ESPE Abstracts (2016) 86 P-P1-24

ESPE2016 Poster Presentations Adrenal P1 (48 abstracts)

Adrenal Insufficiency in ROHHADNET Syndrome (Rapid-Onset Obesity with Hypothalamic Dysfunction, Hypoventilation, Autonomic Dysregulation and Neural Tumor)

Ramona Tallone , Flavia Napoli , Natascia Di Iorgi , Anna Allegri , Annalisa Calcagno & Mohamad Maghnie


Gaslini Institute, Genoa, Italy


Background: Rapid-onset obesity with hypothalamic dysfunction, hypoventilation, autonomic dysregulation and Neural tumor (ROHHADNET) is a rare condition. The first symptom is the appearance of rapid onset obesity (2–4 years) followed by central hypoventilation, hypothalamic dysfunction, dysautonomic symptoms and neural tumors.

Objective and hypotheses: Aim of this study was to evaluate adrenal function in ROHHADNET patients from a single-center.

Patients and methods: Six patients with ROHHADNET underwent clinical (BMI SDS) and biochemical evaluation for baseline cortisol and for Insulin Tolerance Test (ITT) at the mean age of 10.1±5.9 (range 4.7–19.9 years); four were also tested with low-dose ACTH test (Synachten 1 mcg/m2) after an interval of 0–4 years. All subjects had a morning baseline cortisol evaluation at the time of ROHHADNET diagnosis. Pituitary defects were present (n=4) in one patient, (n=3) in one, (n=2) in two and (n=1) in two patients While hyperprolactinemia was documented in all of them; five had neural crest tumor.

Results: BMI SDS was of 3.4±1.2 at the time of ITT and 3.7±1.4 at the time of ACTH test. None of the patients displayed hypercortisolism. Baseline cortisol pre-ITT was 8.5±5.3 mcg/dl with a peak cortisol of 14.2±8.1 mcg/dl. Baseline cortisol pre-ACTH test in those whot underwent ACTH test was 4.4±4.4 mcg/dl with a peak cortisol of 11.1±8.8 mcg/dl. Five patients received the diagnosis of Central adrenal Insufficiency (CAI). Baseline cortisol was not related to BMI SDS at any time point and it was variably associated with age (r’s 0.02–0.94); correlations between baseline cortisol levels at three different time points were variable (r’s from 0.1 to 0.87). The association between baseline cortisol and peak response was strong after ACTH (r=0.95, P 0.07), and moderate after ITT (r=0.7, P 0.13). The relation between peak cortisol responses after the two tests was significant (r=0.97, P 0.04). Both baseline cortisol and peak cortisol after ITT negatively correlated with the number of pituitary hormone defects (r’s=−0.68 to −0.93).
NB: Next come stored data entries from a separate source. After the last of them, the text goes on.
Lemma markoff_no_solution_12 L : prime L -> 37 <= L -> (L * L) mod 32 = 25 ->
  ~ exists x y z, markoff x y z = 4 + 12 * L * L.
Proof.
  intros HL HL37 HL32. assert (HL3 := prime_sqr_mod3 L HL ltac:(lia)).
  assert (Hlocal : forall a b c, markoff a b c = 4 + 12 * L * L ->
                     odd_or_10_22_mod32 (a mod 128) = true /\ zero_mod3_or_pm4_mod9 (a mod 9) = true).
  { intros a b c E. split.
    - apply (markoff_even_residue_checkP 64 48 _ a b c);
        [lia | reflexivity | exact markoff_mod128_eq48 | rewrite E; mod_arith].
    - apply (markoff_residue_checkP 9 7 _ a b c); [lia | exact markoff_mod9_eq7 | rewrite E; mod_arith]. }
  apply (markoff_no_solution_of_checks true 3 sqrt3_classes (prime_nonsquare 3 prime_3) sqrt3_classes_norm
    sqrt3_classes_mul eq_refl 128 9 odd_or_10_22_mod32 zero_mod3_or_pm4_mod9 _ (2 * (2 * L)) L);
    [lia | lia | now exists 9 | now exists 128 | exact shifted_pair_check_12 | ring | exact Hlocal | | |].
  - intros a b c E Ha. destruct (Hlocal a b c E) as [H2 H3].
    assert (Ha' : a = 0 \/ a = 1 \/ a = 2) by lia. destruct Ha' as [-> | [-> | ->]]; discriminate.
  - intros p Hp Hp2 Hpm. apply odd_prime_divisor_double_prime, odd_prime_divide_double; assumption.
  - rewrite Z.abs_eq by nia. nia.
Qed.

From mathcomp Require Import all_boot all_algebra zify ssrZ.
Import GRing.Theory.
Local Open Scope ring_scope.

Section IntToZ.
Local Open Scope Z_scope.

Lemma Zprime_of_prime (l : nat) : prime l -> Znumtheory.prime (Z.of_nat l).
Proof.
  move=> /primeP [l_gt1 l_dvd]. apply/prime_alt. split; first lia.
  move=> n n_range [q Eq].
  have : (Z.to_nat n %| l)%N by apply/dvdnP; exists (Z.to_nat q); lia.
  by case/l_dvd/orP => /eqP; lia.
Qed.

Lemma markoff_of_has_int_sol (r : int) (l : nat) : has_int_sol r l ->
  exists x y z, markoff x y z = 4 + Z_of_int r * Z.of_nat l * Z.of_nat l.
Proof.
  move=> [x [y [z E]]]. exists (Z_of_int x), (Z_of_int y), (Z_of_int z).
  rewrite /markoff. rewrite !expr2 in E. lia.
Qed.

Lemma sqr_mod32_of_expn (l : nat) : (l ^ 2 %% 32 == 25)%N -> (Z.of_nat l * Z.of_nat l) mod 32 = 25.
Proof. rewrite (expnS l 1) expn1 => /eqP H. zify. Z.div_mod_to_equations. nia. Qed.

End IntToZ.

Theorem proposition5p12 :
  (forall l : nat, prime l -> (13 <= l)%N ->
     (l %% 9 == 4)%N || (l %% 9 == 5)%N -> ~ has_int_sol 2 l) /\
  (forall l : nat, prime l -> (37 <= l)%N -> (l ^ 2 %% 32 == 25)%N ->
     ~ sum_two_sq (1 + 3 * (l%:Z) ^+ 2) -> ~ has_int_sol 12 l) /\
  (forall l : nat, prime l -> (13 <= l)%N -> ~ has_int_sol (-2) l) /\
  (forall l : nat, prime l -> (17 <= l)%N -> ~ has_int_sol (-3) l) /\
  (forall l : nat, prime l -> (37 <= l)%N -> ~ has_int_sol (-12) l).
Proof.
  split; [| split; [| split; [| split]]] => l /Zprime_of_prime l_prime l_ge.
  - move=> _ /markoff_of_has_int_sol; apply: (markoff_no_solution_2 _ l_prime); lia.
  - move=> /sqr_mod32_of_expn l_mod32 _ /markoff_of_has_int_sol.
    apply: (markoff_no_solution_12 _ l_prime _ l_mod32); lia.
  - move=> /markoff_of_has_int_sol; apply: (markoff_no_solution_m2 _ l_prime); lia.
  - move=> /markoff_of_has_int_sol; apply: (markoff_no_solution_m3 _ l_prime); lia.
  - move=> /markoff_of_has_int_sol; apply: (markoff_no_solution_m12 _ l_prime); lia.
Qed.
Conclusion: Central Adrenal Insufficiency was documented in 83% of ROHHADNET patients after dynamic testing with ITT or ACTH-low testing. Baseline cortisol value is not reliable for the diagnosis of CAI. While the severity of hypothalamic dysfunction appears to be correlated with CAI, age and BMI SDS are not associated.